American entrepreneur Charles Simonyi peers out of the hatch of a Russian Soyuz spacecraft simulator during prelaunch training for his 13-day flight to the International Space Station.
Credit: Space Adventures.
Whenever former space tourist Charles Simonyi misses the sensation of orbital flight, he doesn't have to travel farther than to his local museum to bring the memories rushing back.
And whenever he misses his father, he can open up the physics history book his father wrote in Hungarian, which was recently translated into English for publication in the United States.
Simonyi recently lent the Seattle Museum of Flight the space capsule that carried him and two professional spaceflyers to the International Space Station in March 2009. The museum has installed the Soyuz TMA-14 capsule in its new Charles Simonyi Space Gallery.
"It was my home for a couple of days and it brings back very incredible memories," the Hungarian-American computer software billionaire said of the capsule, which he purchased after the flight.
Simonyi paid about $35 million to Russia's Federal Space Agency for the 13-day round trip. He was the fifth person to pay his way to space and the only one to go twice. Simonyi first flew to the space station aboard the Soyuz TMA-10 in April 2007.
Simonyi lives near Seattle, in Medina, Wash., when he is not on his world-traveling yacht, Skat. He donated $3 million toward the cost of the Museum of Flight's new space gallery. Simonyi told SPACE.com that the museum is "a wonderful facility and it has aircraft from all eras, from the very beginning up to Concorde and Air Force One and all kinds of flying machines.
"It's a fantastic family experience, and kids are always very enthusiastic and excited when they see things connected with flying in space." [Photos: The First Space Tourists]
Culture of science
In addition to his space-themed pursuits, Simonyi is busy promoting a book penned by his late father, a physicist and electrical engineer from Hungary.
Karolyi Simonyi published the first edition of "A Cultural History of Physics," written in Hungarian, in 1979. Now the book has been translated into English and has been published in the United States by CRC Press.
The book details the history of physics from the ancient Greeks to today. Charles Simonyi worked tirelessly for its publication and contributed an introduction to the text.
"It's an extraordinary book because it's written for everyone who is interested in culture either from the humanities side or from the science side," Simonyi said. "It's an incredible pleasure to be able to bring this jewel to the English-speaking world."

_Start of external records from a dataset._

(* A premise [(Γ, ψ)] of a rule with passive context [G]
   stands for the sequent [Γ ++ G ⇒ ψ].  A right rule keeps the whole
   antecedent passive; a left rule with principal formula [Y] has
   conclusion [Y :: G ⇒ φ]. *)
Inductive right_rule (Sy : system) : form -> list (list form * form) -> Prop :=
| rr_imp a b : right_rule Sy (Imp a b) [([a], b)]
| rr_and a b : right_rule Sy (And a b) [([], a); ([], b)]
| rr_or1 a b : right_rule Sy (Or a b) [([], a)]
| rr_or2 a b : right_rule Sy (Or a b) [([], b)]
| rr_an a : has_an Sy = true -> right_rule Sy (Neg a) [([a], Neg a)].

Inductive left_rule (Sy : system) : form -> form -> list (list form * form) -> Prop :=
| lr_imp a b phi : left_rule Sy (Imp a b) phi [([Imp a b], a); ([b], phi)]
| lr_and a b phi : left_rule Sy (And a b) phi [([a; b], phi)]
| lr_or a b phi : left_rule Sy (Or a b) phi [([a], phi); ([b], phi)]
| lr_n a b : has_n Sy = true ->
    left_rule Sy (Neg a) (Neg b) [([Neg a; b], a); ([Neg a; a], b)]
| lr_nef a b : has_nef Sy = true -> left_rule Sy (Neg a) (Neg b) [([Neg a], a)]
| lr_copc a b : has_copc Sy = true -> left_rule Sy (Neg a) (Neg b) [([Neg a; b], a)].

Fixpoint premises_hold (Sy : system) (n : nat) (G : list form)
    (ps : list (list form * form)) : Prop :=
  match ps with
  | [] => True
  | (Γ, ψ) :: ps' => dh Sy n (Γ ++ G) ψ /\ premises_hold Sy n G ps'
  end.

Lemma premises_hold_impl Sy n n' G G' ps :
  (forall Γ ψ, dh Sy n (Γ ++ G) ψ -> dh Sy n' (Γ ++ G') ψ) ->
  premises_hold Sy n G ps -> premises_hold Sy n' G' ps.
Proof.
  intro Himpl. induction ps as [|[Γ ψ] ps IH]; cbn; [auto|].
  intros [D Ds]. split; auto.
Qed.

Lemma premises_hold_In Sy n G ps Γ ψ :
  premises_hold Sy n G ps -> In (Γ, ψ) ps -> dh Sy n (Γ ++ G) ψ.
Proof.
  induction ps as [|[Γ' ψ'] ps IH]; cbn; [contradiction|].
  intros [D Ds] [E | Hin]; [injection E as <- <-; exact D | auto].
Qed.

Lemma premises_perm Sy n G G' ps :
  Permutation G G' -> premises_hold Sy n G ps -> premises_hold Sy n G' ps.
Proof.
  intro HG. apply premises_hold_impl. intros Γ ψ D.
  apply (dh_perm _ _ _ _ _ (Permutation_app_head Γ HG) D).
Qed.

Lemma dh_right Sy n G phi ps :
  right_rule Sy phi ps -> premises_hold Sy n G ps -> dh Sy (S n) G phi.
Proof.
  intros R Hps. destruct R; cbn in Hps.
  - apply dh_impR. tauto.
  - apply dh_andR; tauto.
  - apply dh_orR1. tauto.
  - apply dh_orR2. tauto.
  - apply dh_an; tauto.
Qed.

Lemma dh_left Sy n Y G phi ps :
  left_rule Sy Y phi ps -> premises_hold Sy n G ps -> dh Sy (S n) (Y :: G) phi.
Proof.
  intros R Hps. destruct R; cbn in Hps.
  - apply dh_impL; tauto.
  - apply dh_andL. tauto.
  - apply dh_orL; tauto.
  - apply dh_n; tauto.
  - apply dh_nef; tauto.
  - apply dh_copc; tauto.
Qed.

(* The last step of a derivation, with exchange absorbed. *)
Inductive dh_view (Sy : system) : nat -> list form -> form -> Prop :=
| view_ax n L p : In (Var p) L -> dh_view Sy n L (Var p)
| view_top n L : dh_view Sy n L Top
| view_right n L phi ps :
    right_rule Sy phi ps -> premises_hold Sy n L ps -> dh_view Sy (S n) L phi
| view_left n L Y G phi ps : Permutation L (Y :: G) ->
    left_rule Sy Y phi ps -> premises_hold Sy n G ps -> dh_view Sy (S n) L phi.

Lemma dh_view_perm Sy n L L' phi :
  Permutation L L' -> dh_view Sy n L phi -> dh_view Sy n L' phi.
Proof.
  intros HL V. destruct V as [n L p Hin | n L | n L phi ps R Hps | n L Y G phi ps HY R Hps].
  - apply view_ax. exact (Permutation_in _ HL Hin).
  - apply view_top.
  - apply (view_right _ _ _ _ ps R). exact (premises_perm _ _ _ _ _ HL Hps).
  - apply (view_left _ _ _ Y G _ ps); [rewrite <- HL; exact HY | exact R | exact Hps].
Qed.

Lemma dh_view_of Sy n L phi : dh Sy n L phi -> dh_view Sy n L phi.
Proof.
  induction 1 as [n G G' phi HG _ IH | | | | | | | | | | | | |].
  - exact (dh_view_perm _ _ _ _ _ HG IH).
  - apply view_ax. left. reflexivity.
  - apply view_top.
  - eapply view_right; [apply rr_imp | cbn; tauto].
  - eapply view_left; [apply Permutation_refl | apply lr_imp | cbn; tauto].
  - eapply view_right; [apply rr_and | cbn; tauto].
  - eapply view_left; [apply Permutation_refl | apply lr_and | cbn; tauto].
  - eapply view_right; [apply rr_or1 | cbn; tauto].
  - eapply view_right; [apply rr_or2 | cbn; tauto].
  - eapply view_left; [apply Permutation_refl | apply lr_or | cbn; tauto].
  - eapply view_left; [apply Permutation_refl | apply lr_n; assumption | cbn; tauto].
  - eapply view_left; [apply Permutation_refl | apply lr_nef; assumption | cbn; tauto].
  - eapply view_left; [apply Permutation_refl | apply lr_copc; assumption | cbn; tauto].
  - eapply view_right; [apply rr_an; assumption | cbn; tauto].
Qed.

Section Replacement.

Variables (Sy : system) (I : Type) (Δ Δ' : I -> list form).

Definition replaceable_at (n : nat) : Prop :=
  forall x L G phi, Permutation L (Δ x ++ G) -> dh Sy n L phi -> dh Sy n (Δ' x ++ G) phi.

Definition principal_replaceable (m : nat) : Prop :=
  forall x Y G0 G phi ps, In Y (Δ x) -> Permutation (Y :: G0) (Δ x ++ G) ->
  left_rule Sy Y phi ps -> premises_hold Sy m G0 ps -> dh Sy (S m) (Δ' x ++ G) phi.

Hypothesis axioms_kept : forall x p, In (Var p) (Δ x) -> In (Var p) (Δ' x).
Hypothesis principal_case : forall m, replaceable_at m -> principal_replaceable m.

Lemma replaceable_app m : replaceable_at m ->
  forall x Γ L G psi, Permutation L (Δ x ++ G) ->
  dh Sy m (Γ ++ L) psi -> dh Sy m (Γ ++ Δ' x ++ G) psi.
Proof.
  intros Hrep x Γ L G psi HL D.
  apply (dh_perm _ _ (Δ' x ++ Γ ++ G)); [apply Permutation_app_swap_app|].
  apply (Hrep x (Γ ++ L)); [|exact D].
  rewrite HL. apply Permutation_app_swap_app.
Qed.

Lemma replacement_admissible : forall n, replaceable_at n.
Proof.
  intro n. induction n as [n IH] using lt_wf_ind.
  intros x L G phi HL D.
  pose proof (dh_view_of _ _ _ _ D) as V. clear D. revert IH HL.
  destruct V as [n L p Hin | n L | m L phi ps R Hps | m L Y G0 phi ps HY R Hps];
    intros IH HL.
  - apply dh_axiom. apply (Permutation_in _ HL), in_app_or in Hin.
    apply in_or_app. destruct Hin; [left; apply axioms_kept | right]; assumption.
  - apply dh_top.
  - assert (Hm : replaceable_at m) by (apply IH; auto).
    apply (dh_right _ _ _ _ ps R). revert Hps. apply premises_hold_impl.
    intros Γ ψ. apply (replaceable_app m Hm x Γ L G ψ HL).
  - assert (Hm : replaceable_at m) by (apply IH; auto).
    assert (HY' : Permutation (Y :: G0) (Δ x ++ G)) by (rewrite <- HY; exact HL).
    destruct (in_app_or _ _ Y (Permutation_in _ HY' (in_eq Y G0))) as [Hprinc | HG].
    + exact (principal_case m Hm x Y G0 G phi ps Hprinc HY' R Hps).
    + (* [Y] lies in the passive part: apply the same rule after replacing *)
      destruct (in_perm_cons _ _ _ HG) as [G1 HG1].
      assert (HG0 : Permutation G0 (Δ x ++ G1)).
      { apply (Permutation_cons_inv (a := Y)). rewrite HY', HG1.
        symmetry. apply Permutation_middle. }
      apply (dh_perm _ _ (Y :: Δ' x ++ G1)).
      { rewrite HG1. apply Permutation_middle. }
      apply (dh_left _ _ _ _ _ ps R). revert Hps. apply premises_hold_impl.
      intros Γ ψ. apply (replaceable_app m Hm x Γ G0 G1 ψ HG0).
Qed.

End Replacement.

Lemma invert_single Sy (I : Type) (X : I -> form) (Δ' : I -> list form) :
  (forall x p, X x <> Var p) ->
  (forall x phi ps, left_rule Sy (X x) phi ps -> In (Δ' x, phi) ps) ->
  forall n, replaceable_at Sy I (fun x => [X x]) Δ' n.
Proof.
  intros not_var premise. apply replacement_admissible.
  - intros x p [E | []]. exfalso. exact (not_var x p E).
  - intros m _ x Y G0 G phi ps [<- | []] HP R Hps.
    apply Permutation_cons_inv in HP.
    apply dh_mono, (dh_perm _ _ (Δ' x ++ G0)); [apply Permutation_app_head, HP|].
    exact (premises_hold_In _ _ _ _ _ _ Hps (premise x phi ps R)).
Qed.

Lemma inv_and Sy n c d L G phi :
  Permutation L (And c d :: G) -> dh Sy n L phi -> dh Sy n (c :: d :: G) phi.
Proof.
  apply (invert_single Sy (form * form) (fun cd => And (fst cd) (snd cd))
           (fun cd => [fst cd; snd cd])) with (x := (c, d)).
  - intros cd p E. discriminate E.
  - intros cd phi' ps R. inversion R. left. reflexivity.
Qed.

Lemma inv_or_l Sy n c d L G phi :
  Permutation L (Or c d :: G) -> dh Sy n L phi -> dh Sy n (c :: G) phi.
Proof.
  apply (invert_single Sy (form * form) (fun cd => Or (fst cd) (snd cd))
           (fun cd => [fst cd])) with (x := (c, d)).
  - intros cd p E. discriminate E.
  - intros cd phi' ps R. inversion R. left. reflexivity.
Qed.

Lemma inv_or_r Sy n c d L G phi :
  Permutation L (Or c d :: G) -> dh Sy n L phi -> dh Sy n (d :: G) phi.
Proof.
  apply (invert_single Sy (form * form) (fun cd => Or (fst cd) (snd cd))
           (fun cd => [snd cd])) with (x := (c, d)).
  - intros cd p E. discriminate E.
  - intros cd phi' ps R. inversion R. right. left. reflexivity.
Qed.

Lemma inv_imp Sy n c d L G phi :
  Permutation L (Imp c d :: G) -> dh Sy n L phi -> dh Sy n (d :: G) phi.
Proof.
  apply (invert_single Sy (form * form) (fun cd => Imp (fst cd) (snd cd))
           (fun cd => [snd cd])) with (x := (c, d)).
  - intros cd p E. discriminate E.
  - intros cd phi' ps R. inversion R. right. left. reflexivity.
Qed.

Karolyi Simonyi was a professor of electrical engineering in Budapest who lost his position for political reasons, his son said. In his newfound spare time he began writing the book.
"He had a fantastic library and he was very well read in all the humanities, and he always professed that culture is an integral whole; the humanities and the sciences are indivisible and they should be understood together," the younger Simonyi said. "So he took advantage of his difficult predicament and he started on this extraordinary work. Now it's been published in five editions in Hungary and has had tremendous success."
Simonyi said the book is coming to the United States at a good time, when technology is developing rapidly and everyone could use a bit more familiarity with science.
"I think science, of course, is very important for everyone to understand — if not the details of science, the role of science in society and how science relates to the rest of our lives and the rest of our pursuits," Simonyi said. "And what's the best way to learn about science and the connection between the humanities and sciences than through history?"
The tome includes original quotations from great thinkers throughout the ages, as well as some of the cultural flavor of the development of science. For example, one page includes some particularly biting comments by some of the greats of 17th-century physics, such as Kepler, Galileo, Newton and Descartes, about each other.
"Essentially it’s a little bit like People magazine, where personalities are gossiping about each other," Simonyi said. "Sometimes, of course, they say nice things about each other, but sometimes they are needling or worse."